Beethoven’s Lairs
“Krugerstraße 10”

A plaque affixed to the wall of a house in Jedlesee, Vienna, commemorating the residence there of Anna Maria Erdödy, Beethoven's patroness and friend

A plaque affixed to the wall of a house in Jedlesee, Vienna, commemorating the residence there of Anna Maria Erdödy

Beethoven’s earliest documented contact with the Countess Anna Maria Erdödy dates from the year 1808, however, it is almost certain that he had become acquainted with her much earlier. The Countess was a competent pianist who had been living in Vienna since 1803, and she resided in a building located at Krugerstrasse 10. That building complex had previously been the property of the Vienna Councilman Hieronymus Raidt, and in the 18th century it became the home of the Russian diplomat Count Galizin. The Count was a great supporter of the arts, and we know that Mozart played several concerts at that location. And we also know that after the death of her husband, Constanze Mozart, as well as Josef Haydn rented quarters at that address. The house was bought by the Esterházy family in 1810, and later became the property of Count Erdödy. The building was badly damaged during the Second World War and had to be demolished. The current reconstruction dates from 1954.

Krugerstraße 10

In 1808, Beethoven was ready to leave Vienna. He was no longer the only pianist sensation in town, and he was seriously upset with the Viennese popularity cult surrounding Rossini. It was the Countess Anna Maria Erdödy who finally convinced him to stay put by offering Beethoven several rooms in her apartment in the winter of 1808. Countess Erdödy frequently held musical soirees, and Beethoven played some of his compositions and also improvised.

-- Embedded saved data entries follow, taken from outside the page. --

(* Let $W$ be an NDCSE with respect to a closed abelian subgroup $H\subseteq G$. Then $\mathcal A_W=\mathcal T_H\circ\mathcal P_D$, where $\mathcal T_H(X)=\int_H R(h)XR(h)^\dagger\,dh$ (normalized Haar measure on $H$) and $\mathcal P_D$ is the Hilbert–Schmidt orthogonal projector onto $\mathcal L^{\mathcal D}$.
   Context: Standing setting: $G$ compact group with normalized Haar measure, $R:G\to\mathsf U(\mathcal H)$ a continuous unitary representation on a finite-dimensional Hilbert space $\mathcal H$; $\mathcal L=\mathrm{End}(\mathcal H)$ with Hilbert–Schmidt inner product. For an orthonormal basis $W$ of $\mathcal H$, $\mathcal A_W(X)=\sum_{w\in W}\langle w|X|w\rangle|w\rangle\langle w|$. A Fourier basis (FB) is an orthonormal basis $W$ with a decomposition $\mathcal H=\bigoplus_{\eta,i}\mathcal H^{\eta,i}$ into irreducible $G$-submodules such that $W=\bigcup W^{\eta,i}$ with $W^{\eta,i}$ an orthonormal basis of $\mathcal H^{\eta,i}$; $\mathcal L^{\mathcal D}=\bigoplus_{\eta,i}\mathrm{End}(\mathcal H^{\eta,i})$. A commuting subgroup eigenbasis (CSE) with respect to an abelian subgroup $H\subseteq G$ is an FB each of whose elements is a simultaneous eigenvector of all $R(h)$, $h\in H$; it is non-degenerate (NDCSE) if for every $(\eta,i)$ the restriction of $\mathcal H^{\eta,i}$ to $H$ is multiplicity-free (equivalently, distinct elements of $W^{\eta,i}$ carry distinct characters of $H$). *)

From HB Require Import structures.
From mathcomp Require Import all_boot all_order all_algebra.
From mathcomp Require Import classical_sets boolp reals ereal topology normedtype
  measure lebesgue_integral.
From mathcomp Require Import complex.
(* Let $\mathbb{K}$ be a field with $\mathbb{Q}\subseteq\mathbb{K}\subseteq\mathbb{C}$, and let $m,n$ be positive integers with $1\le m<n$. Suppose the complex numbers $x_1,\dots,x_n$ and $y_1,\dots,y_m$ satisfy $$f_j(x_1,\dots,x_n,y_1,\dots,y_m)=0\qquad(j=1,\dots,m)$$ for some polynomials $f_j(X_1,\dots,X_n,Y_1,\dots,Y_m)\in\mathbb{K}[X_1,\dots,X_n,Y_1,\dots,Y_m]$. If $x_1,\dots,x_n$ are algebraically independent over $\mathbb{K}$ and $$\det\Big(\frac{\partial f_j}{\partial X_i}(x_1,\dots,x_n,y_1,\dots,y_m)\Big)_{1\le i,j\le m}\neq0,$$ then $y_1,\dots,y_m$ are algebraically independent over the field $\mathbb{K}(x_{m+1},\dots,x_n)$.
   Context: The determinant is of the $m\times m$ matrix with rows indexed by $j$ and columns indexed by $i$, both ranging over $1,\dots,m$ (only the partial derivatives with respect to $X_1,\dots,X_m$ are used). *)

From HB Require Import structures.
From mathcomp Require Import all_boot all_order all_algebra.
From mathcomp Require Import Rstruct.
From mathcomp Require Import complex.
From mathcomp Require Import mpoly.
Set Implicit Arguments. Unset Strict Implicit. Unset Printing Implicit Defensive.
Import Order.TTheory GRing.Theory Num.Theory.
Local Open Scope ring_scope.

Notation C := (complex Rdefinitions.R).

(* L (a subset of C) is a subfield of C: contains 1, closed under
   subtraction and division (x / 0 = 0 in MathComp, as in divring_closed). *)
Definition is_subfield (L : C -> Prop) : Prop :=
  [/\ L 1,
      forall a b, L a -> L b -> L (a - b) &
      forall a b, L a -> L b -> L (a / b)].

Definition gen_field (K S : C -> Prop) : C -> Prop :=
  fun z => forall L : C -> Prop, is_subfield L ->
     (forall a, K a -> L a) -> (forall a, S a -> L a) -> L z.

Definition coeffs_in (L : C -> Prop) (k : nat) (p : {mpoly C[k]}) : Prop :=
  forall mono, mono \in msupp p -> L p@_mono.

Definition alg_indep_over (L : C -> Prop) (k : nat) (z : 'I_k -> C) : Prop :=
  forall p : {mpoly C[k]}, coeffs_in L p -> p.@[z] = 0 -> p = 0.

(* The point (x_1..x_n, y_1..y_m) of C^(n+m); variable X_i is index i-1,
   variable Y_j is index n + j - 1. *)
Definition join_pt (n m : nat) (x : 'I_n -> C) (y : 'I_m -> C) : 'I_(n + m) -> C :=
  fun k => match split k with inl i => x i | inr j => y j end.

(* Tangent vectors at z = (x, y): call d tangent if dderiv z d p = 0 for every
   K-polynomial p vanishing at z.  As x is algebraically independent over K,
   arbitrary values of d on x extend, one y-coordinate at a time, to a tangent
   vector: the value at the new coordinate is forced by its minimal relation, to
   which every other relation reduces.  Let d_k extend the k-th basis vector.
   Applied to the f_j, the d_k with k <= m give J + B V = 0, where J is the
   Jacobian of the statement and V is the matrix (d_k y_l), so V is invertible.
   A nonzero algebraic relation among y over K(x_(m+1), ..., x_n) yields, after
   clearing denominators, a K-polynomial P in x_(m+1), ..., x_n, y vanishing at z,
   which by minimality can be taken with a partial derivative not vanishing at z.
   But d_1, ..., d_m annihilate P, and since P does not involve x_1, ..., x_m this
   reads (dP/dy) V = 0, so all y-partials of P vanish at z; then d_k for k > m
   shows that the x-partials vanish as well. *)

From HB Require Import structures.
From mathcomp Require Import all_boot all_order all_algebra.
From mathcomp Require Import Rstruct complex mpoly.
From Stdlib Require Import Classical ClassicalEpsilon.
From mathcomp Require Import ring zify.
Set Implicit Arguments. Unset Strict Implicit. Unset Printing Implicit Defensive.
Import Order.TTheory GRing.Theory Num.Theory.
Local Open Scope ring_scope.

(* Membership in [K], decided classically so that [mpolyOver] applies to [K]. *)
Definition memb (K : C -> Prop) : {pred C} :=
  fun c => if excluded_middle_informative (K c) then true else false.

Lemma membP K c : reflect (K c) (c \in memb K).
Proof. by rewrite unfold_in /memb; case: excluded_middle_informative => H; constructor. Qed.

Lemma subfield_divring_closed K : is_subfield K -> divring_closed (memb K).
Proof.
case=> K1 KB Kdiv; split; first exact/membP.
- by move=> a b /membP Ka /membP Kb; apply/membP/KB.
- by move=> a b /membP Ka /membP Kb; apply/membP/Kdiv.
Qed.

Definition subfield_pred K (HK : is_subfield K) : divringClosed C :=
  HB.pack (memb K) (GRing.isDivringClosed.Build C (memb K) (subfield_divring_closed HK)).

Lemma coeffs_inP K (HK : is_subfield K) N (p : {mpoly C[N]}) :
  coeffs_in K p <-> p \is a mpolyOver N (subfield_pred HK).
Proof.
split=> [Kp | /mpolyOverP Kp m _]; last exact/membP/Kp.
apply/mpolyOverP => m; have [/Kp/membP //|/memN_msupp_eq0 ->] := boolP (m \in msupp p).
exact: rpred0.
Qed.

Lemma exists_minimizer (T : Type) (P : T -> Prop) (f : T -> nat) :
  (exists t, P t) -> exists t, P t /\ forall u, P u -> (f t <= f u)%N.
Proof.
move=> [t0 Pt0]; elim: {t0}(f t0) {-2}t0 (leqnn (f t0)) Pt0 => [|s IHs] t ft Pt.
  by exists t; split => // u _; move: ft; rewrite leqn0 => /eqP ->.
have [[u [Pu fut]]|] := classic (exists u, P u /\ (f u < f t)%N).
  by apply: (IHs u) => //; rewrite -ltnS (leq_trans fut ft).
move=> no_less; exists t; split => // u Pu; rewrite leqNgt; apply/negP => fut.
by apply: no_less; exists u.
Qed.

Palais Erdődy (Palais Esterházy), Vienna

The composer Johann Friedrich Reichardt, who was staying in Vienna at that time, described the countess as “a very pretty young woman, who, despite a chronic ailment, was of a very cheerful disposition.” Beethoven was clearly very fond of the countess, but he was neither in love with her, nor did she turn out to be his “Immortal Beloved.” However, it was probably Erdödy who negotiated with the Archduke Rudolph, with Prince Kinsky, and with Prince Lobkowitz for an annual stipend for Beethoven. Their relationship became seriously strained in the spring of 1809, when a dispute over a servant—no surprise there—led Beethoven to seek new lodgings. However, the quarrel was short-lived as Beethoven dedicated the two Piano Trios Op. 70 to the Countess.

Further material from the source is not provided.